3D Aim Trainer to Team Fortress 2 sensitivity converter
Convert your 3D Aim Trainer sensitivity to Team Fortress 2 instantly. Same hand motion, perfect muscle memory across both games.
Why 3D Aim Trainer sens doesn't match Team Fortress 2
At 0.4 sens on 800 DPI, 3D Aim Trainer sweeps 129.89 cm across a full 360°. To reproduce that exact arm motion in Team Fortress 2, you need sens 0.4 — about 1.00× your 3D Aim Trainer number. Nothing changed except Team Fortress 2's yaw of 0.022 vs 3D Aim Trainer's 0.022; the centimeters of mouse travel stay the same.
- 3D Aim Trainer · Yaw
- 0.022
- Team Fortress 2 · Yaw
- 0.022
- 3D Aim Trainer · Default FOV
- 103
- Team Fortress 2 · Default FOV
- 90
How to apply the converted sensitivity in Team Fortress 2
Open Team Fortress 2's settings, paste the converted sensitivity into the sens field and keep your 800 DPI if that matches how you play 3D Aim Trainer. Run a 360° check on a practice map: the mouse sweep should cover roughly 129.89 cm on your pad — the same distance as in 3D Aim Trainer. Only start tuning if the sweep feels off, never before the 360° check.

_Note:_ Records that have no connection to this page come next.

Definition obj_values (nA nB : nat) (P : nat -> nat -> nat -> R) (W : nat -> R)
  (bprev : nat) : R -> Prop :=
  fun r => exists p, is_dist nA p /\ r = objective nA nB P W p bprev.

Definition is_finite_horizon_values (nA nB : nat) (P : nat -> nat -> nat -> R)
  (Vt : nat -> nat -> R) : Prop :=
  (forall b, Vt O b = 0) /\
  (forall t b, (b < nB)%nat -> is_lub (obj_values nA nB P (Vt t) b) (Vt (S t) b)).

Definition solves_DP (nA nB : nat) (P : nat -> nat -> nat -> R) (J : R)
  (W : nat -> R) : Prop :=
  forall b, (b < nB)%nat -> is_lub (obj_values nA nB P W b) (J + W b).

(* A time-invariant input distribution pinf(a | bprev) = pinf a bprev. *)
Definition is_policy (nA nB : nat) (pinf : nat -> nat -> R) : Prop :=
  forall b, (b < nB)%nat -> is_dist nA (fun a => pinf a b).

Definition attains (nA nB : nat) (P : nat -> nat -> nat -> R) (J : R)
  (W : nat -> R) (pinf : nat -> nat -> R) : Prop :=
  forall b, (b < nB)%nat -> objective nA nB P W (fun a => pinf a b) b = J + W b.

Definition KKT (nA nB : nat) (P : nat -> nat -> nat -> R) (J : R)
  (W : nat -> R) (pinf : nat -> nat -> R) : Prop :=
  forall b a, (b < nB)%nat -> (a < nA)%nat ->
    (pinf a b <> 0 -> J + W b = Qval nA nB P (fun a' => pinf a' b) W b a) /\
    (pinf a b = 0 ->
       Qfinite nA nB P (fun a' => pinf a' b) b a /\
       Qval nA nB P (fun a' => pinf a' b) W b a <= J + W b).

(* The Hamiltonian of the dynamic programming equation at b_{-1} is
   F(pi) = sum_a pi(a) Q_pi(a), where Q_pi(a) = D(P(.|b_{-1},a) || P^pi) + E[V].
   For every output distribution r one has sum_a q(a) D(P_a || P^q)
   <= sum_a q(a) D(P_a || r), with equality at r = P^q (a pointwise consequence
   of ln x <= x - 1).  Taking r = P^pi shows F(q) <= sum_a q(a) Q_pi(a), so the
   conditions Q_pi(a) = J + V on the support of pi and Q_pi(a) <= J + V off it
   make pi a maximiser.  Conversely, if pi is a maximiser, moving it towards the
   point mass at a, q = (1 - eps) pi + eps delta_a, and taking r = P^q gives
   (1 - eps) F(pi) + eps Q_q(a) <= F(q) <= F(pi), hence Q_q(a) <= F(pi).  Since
   Q_q(a) >= Q_pi(a) - eps C - m ln eps, where m is the mass P_a puts where P^pi
   vanishes, letting eps -> 0 forces m = 0 and Q_pi(a) <= F(pi); the equalities
   on the support follow because F(pi) is the pi-average of the Q_pi(a). *)

From Stdlib Require Import Reals Lra Lia List.
Open Scope R_scope.

Lemma fold_right_Rplus_init (l : list R) (x : R) :
  fold_right Rplus x l = fold_right Rplus 0 l + x.
Proof. induction l as [|y l IH]; simpl; [lra | rewrite IH; lra]. Qed.

Lemma Rsum_S n f : Rsum (S n) f = Rsum n f + f n.
Proof.
  unfold Rsum. rewrite seq_S, map_app, fold_right_app. simpl.
  rewrite fold_right_Rplus_init. lra.
Qed.

Lemma Rsum_ext n f g :
  (forall i, (i < n)%nat -> f i = g i) -> Rsum n f = Rsum n g.
Proof.
  induction n as [|n IH]; intros H; [reflexivity|].
  rewrite !Rsum_S, IH by (intros; apply H; lia).
  rewrite (H n) by lia. reflexivity.
Qed.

Common mistakes when converting 3D Aim Trainer to Team Fortress 2
- Copying the sens without matching DPI
A converted 3D Aim Trainer-to-Team Fortress 2 number is tied to the DPI you used during conversion. If your Team Fortress 2 mouse profile runs a different DPI, the math no longer holds — use Sens Converter's 'different DPI' toggle instead of eyeballing.
- Trusting eDPI across engines
Matching eDPI between 3D Aim Trainer and Team Fortress 2 does not give matching turn speed, because their yaws are 0.022 and 0.022. Always compare cm/360° (or in/360°), not eDPI, when swapping games.
- Ignoring scoped and ADS overrides
3D Aim Trainer and Team Fortress 2 each apply their own scoped / ADS multiplier on top of the base sensitivity. Converting the base is step one — confirm the per-zoom multiplier in Team Fortress 2 separately, otherwise scoped aim will feel wrong even with a perfect hipfire match.
3D Aim Trainer → Team Fortress 2 FAQ
Why is my converted Team Fortress 2 sens different from my 3D Aim Trainer number?+
Team Fortress 2 has a yaw of 0.022 compared to 3D Aim Trainer's 0.022. Their ratio is about 1.00×, so Sens Converter multiplies your 3D Aim Trainer sens by that factor to keep cm/360° identical. The raw number looks different, but the arm motion is the same.
Should I keep the same DPI in 3D Aim Trainer and Team Fortress 2?+
Yes, when possible. Keeping DPI identical means only the in-game multiplier changes, which is the cleanest switch. If you run different DPI in Team Fortress 2, enable 'different DPI' in the converter and it absorbs the extra math.
How many decimals should I use in Team Fortress 2?+
Team Fortress 2 accepts at least 3 decimals; 4-6 is common. Sens Converter outputs enough precision that rounding to 3 decimals keeps the 360° error below one millimetre on a typical 800 DPI setup.
Does FOV affect 3D Aim Trainer to Team Fortress 2 conversion?+
For the base sensitivity, no — sens is independent of FOV in both engines. If you use a 0% MonitorDistance or similar scaling mode in either game, convert at the FOV you actually run in-game.